Lemma chernoff_bound (T : finType) (w : T -> R) (f : pred T) (c t : R) :
  (forall x, 0 <= w x) -> 0 <= t ->
  \sum_(z : {ffun I -> T}) (\prod_i w (z i)) * (~~ (\sum_i ((f (z i))%:R : R) <= c))%:R
    <= expR (- (t * c)) * (\sum_x w x * expR (t * (f x)%:R)) ^+ #|I|.
Proof.
move=> w_ge0 t_ge0.
have tail_le (N : R) : ((~~ (N <= c))%:R : R) <= expR (t * (N - c)).
  have [_|N_gt_c] := boolP (N <= c); first by rewrite mulr0n expR_ge0.
  rewrite mulr1n; apply: le_trans (expR_ge1Dx _).
  by rewrite lerDl mulr_ge0 // subr_ge0 ltW // ltNge.
have step (z : {ffun I -> T}) :
    (\prod_i w (z i)) * (~~ (\sum_i ((f (z i))%:R : R) <= c))%:R <=
    expR (- (t * c)) * \prod_i (w (z i) * expR (t * (f (z i))%:R)).
  have W_ge0 : 0 <= \prod_i w (z i) by apply: prodr_ge0.
  apply: le_trans (ler_wpM2l W_ge0 (tail_le _)) _.
  rewrite mulrBr mulr_sumr addrC expRD expR_sum big_split /= mulrCA.
  exact: lexx.
apply: le_trans (ler_sum _ (fun z _ => step z)) _.
by rewrite -mulr_sumr (sum_prod_ffun (fun x => w x * expR (t * (f x)%:R))).
Qed.

Lemma hoeffding_bound (T : finType) (w : T -> R) (f : pred T) (s c : R) :
  (forall x, 0 <= w x) -> \sum_x w x = 1 -> 0 <= s ->
  (\sum_x w x * (f x)%:R + s) * #|I|%:R <= c ->
  \sum_(z : {ffun I -> T}) (\prod_i w (z i)) * (~~ (\sum_i ((f (z i))%:R : R) <= c))%:R
    <= expR (- (2 * s ^+ 2 * #|I|%:R)).
Proof.
move=> w_ge0 w_sum1 s_ge0; set p := \sum_x _; set n := #|I|%:R => c_ge.
have p_ge0 : 0 <= p by apply: sumr_ge0 => x _; rewrite mulr_ge0.
have p_le1 : p <= 1.
  by rewrite -w_sum1; apply: ler_sum => x _; case: (f x); rewrite ?mulr1 ?mulr0.
have t_ge0 : 0 <= 4 * s by rewrite mulr_ge0.
have mgfE : \sum_x w x * expR (4 * s * (f x)%:R) = 1 - p + p * expR (4 * s).
  have mgf_term x : w x * expR (4 * s * (f x)%:R) =
      w x + (expR (4 * s) - 1) * (w x * (f x)%:R).
    by case: (f x); rewrite /= ?mulr1 ?mulr0 ?expR0; ring.
  by under eq_bigr do rewrite mgf_term; rewrite big_split /= -mulr_sumr w_sum1 -/p; ring.
have mgf_le : (1 - p + p * expR (4 * s)) ^+ #|I| <=
    expR (n * (p * (4 * s) + (4 * s) ^+ 2 / 8)).
  rewrite /n [X in _ <= X]expRM_natl; apply: lerXn2r; last exact: bernoulli_mgf_le.
    by rewrite nnegrE; have := mulr_ge0 p_ge0 (expR_ge0 (4 * s)); lra.
  by rewrite nnegrE expR_ge0.
(* [t = 4 s] minimises the Chernoff exponent [n (p t + t^2 / 8) - t (p + s) n]. *)
apply: le_trans (@chernoff_bound T w f c (4 * s) w_ge0 t_ge0) _; rewrite mgfE.
apply: le_trans (ler_wpM2l (expR_ge0 _) mgf_le) _.
rewrite -expRD ler_expR.
have n_ge0 : 0 <= n by rewrite ler0n.
have : 4 * s * ((p + s) * n) <= 4 * s * c by rewrite ler_wpM2l.
nra.
Qed.
Lemma geometric_constant_nonneg : 0 <= C / (1 - q).
Proof.
  assert (HC : 0 <= C).
  { specialize (u_increments 0%nat); simpl in u_increments.
    pose proof (Rabs_pos (u 1%nat - u 0%nat)); lra. }
  apply Rmult_le_pos; [exact HC | apply Rlt_le, Rinv_0_lt_compat; lra].
Qed.

Lemma geometric_increments_dist_tail n k :
  Rabs (u (n + k)%nat - u n) <= C / (1 - q) * q ^ n * (1 - q ^ k).
Proof.
  induction k as [|k IH].
  - rewrite Nat.add_0_r, Rminus_diag, Rabs_R0; simpl; lra.
  - rewrite Nat.add_succ_r.
    eapply Rle_trans; [apply (Rabs_sub_triang _ (u (n + k)%nat))|].
    replace (C / (1 - q) * q ^ n * (1 - q ^ S k))
      with (C * q ^ (n + k) + C / (1 - q) * q ^ n * (1 - q ^ k))
      by (rewrite pow_add; simpl; field; lra).
    specialize (u_increments (n + k)); lra.
Qed.

Lemma geometric_increments_dist n m :
  (n <= m)%nat -> Rabs (u m - u n) <= C / (1 - q) * q ^ n.
Proof.
  intros Hnm; replace m with (n + (m - n))%nat by lia.
  eapply Rle_trans; [apply geometric_increments_dist_tail|].
  assert (0 <= C / (1 - q) * q ^ n)
    by (apply Rmult_le_pos; [apply geometric_constant_nonneg|apply pow_le; lra]).
  assert (0 <= q ^ (m - n)) by (apply pow_le; lra).
  nra.
Qed.

Lemma geometric_increments_limit :
  {l | forall n, Rabs (l - u n) <= C / (1 - q) * q ^ n}.
Proof.
  assert (Hcauchy : Cauchy_crit u).
  { intros eps Heps.
    destruct (geometric_term_small (C / (1 - q)) q (eps / 2)
                geometric_constant_nonneg q_range ltac:(lra)) as [N HN].
    exists N; intros n m Hn Hm; unfold R_dist.
    pose proof (geometric_increments_dist N n Hn) as HnN.
    pose proof (geometric_increments_dist N m Hm) as HmN.
    pose proof (Rabs_sub_triang (u n) (u N) (u m)) as Htri.
    rewrite (Rabs_minus_sym (u N)) in Htri; lra. }
  destruct (R_complete u Hcauchy) as [l Hl]; exists l; intros n.
  apply Rle_plus_epsilon; intros eps Heps.
  destruct (Hl eps Heps) as [N HN].
  specialize (HN (max N n) (Nat.le_max_l N n)); unfold R_dist in HN.
  pose proof (geometric_increments_dist n (max N n) (Nat.le_max_r N n)) as Hmax.
  pose proof (Rabs_sub_triang l (u (max N n)) (u n)) as Htri.
  rewrite (Rabs_minus_sym l (u (max N n))) in Htri; lra.
Qed.

End GeometricCauchy.

Lemma pow_le_pow_of_le_1 (q : R) (m n : nat) :
  0 <= q <= 1 -> (m <= n)%nat -> q ^ n <= q ^ m.
Proof.
  intros Hq Hmn; induction Hmn as [|n _ IH]; [lra|].
  simpl; assert (0 <= q ^ n) by (apply pow_le; lra); nra.
Qed.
......
Aim of the exercise: Only those lines of the entries above that run from the line containing "have mgfE : \sum_x" to the line containing "assert (0 <= C / (1 - q) * q ^ n)", both included, should be transcribed exactly.

Output below:
have mgfE : \sum_x w x * expR (4 * s * (f x)%:R) = 1 - p + p * expR (4 * s).
  have mgf_term x : w x * expR (4 * s * (f x)%:R) =
      w x + (expR (4 * s) - 1) * (w x * (f x)%:R).
    by case: (f x); rewrite /= ?mulr1 ?mulr0 ?expR0; ring.
  by under eq_bigr do rewrite mgf_term; rewrite big_split /= -mulr_sumr w_sum1 -/p; ring.
have mgf_le : (1 - p + p * expR (4 * s)) ^+ #|I| <=
    expR (n * (p * (4 * s) + (4 * s) ^+ 2 / 8)).
  rewrite /n [X in _ <= X]expRM_natl; apply: lerXn2r; last exact: bernoulli_mgf_le.
    by rewrite nnegrE; have := mulr_ge0 p_ge0 (expR_ge0 (4 * s)); lra.
  by rewrite nnegrE expR_ge0.
(* [t = 4 s] minimises the Chernoff exponent [n (p t + t^2 / 8) - t (p + s) n]. *)
apply: le_trans (@chernoff_bound T w f c (4 * s) w_ge0 t_ge0) _; rewrite mgfE.
apply: le_trans (ler_wpM2l (expR_ge0 _) mgf_le) _.
rewrite -expRD ler_expR.
have n_ge0 : 0 <= n by rewrite ler0n.
have : 4 * s * ((p + s) * n) <= 4 * s * c by rewrite ler_wpM2l.
nra.
Qed.
Lemma geometric_constant_nonneg : 0 <= C / (1 - q).
Proof.
  assert (HC : 0 <= C).
  { specialize (u_increments 0%nat); simpl in u_increments.
    pose proof (Rabs_pos (u 1%nat - u 0%nat)); lra. }
  apply Rmult_le_pos; [exact HC | apply Rlt_le, Rinv_0_lt_compat; lra].
Qed.

Lemma geometric_increments_dist_tail n k :
  Rabs (u (n + k)%nat - u n) <= C / (1 - q) * q ^ n * (1 - q ^ k).
Proof.
  induction k as [|k IH].
  - rewrite Nat.add_0_r, Rminus_diag, Rabs_R0; simpl; lra.
  - rewrite Nat.add_succ_r.
    eapply Rle_trans; [apply (Rabs_sub_triang _ (u (n + k)%nat))|].
    replace (C / (1 - q) * q ^ n * (1 - q ^ S k))
      with (C * q ^ (n + k) + C / (1 - q) * q ^ n * (1 - q ^ k))
      by (rewrite pow_add; simpl; field; lra).
    specialize (u_increments (n + k)); lra.
Qed.

Lemma geometric_increments_dist n m :
  (n <= m)%nat -> Rabs (u m - u n) <= C / (1 - q) * q ^ n.
Proof.
  intros Hnm; replace m with (n + (m - n))%nat by lia.
  eapply Rle_trans; [apply geometric_increments_dist_tail|].
  assert (0 <= C / (1 - q) * q ^ n)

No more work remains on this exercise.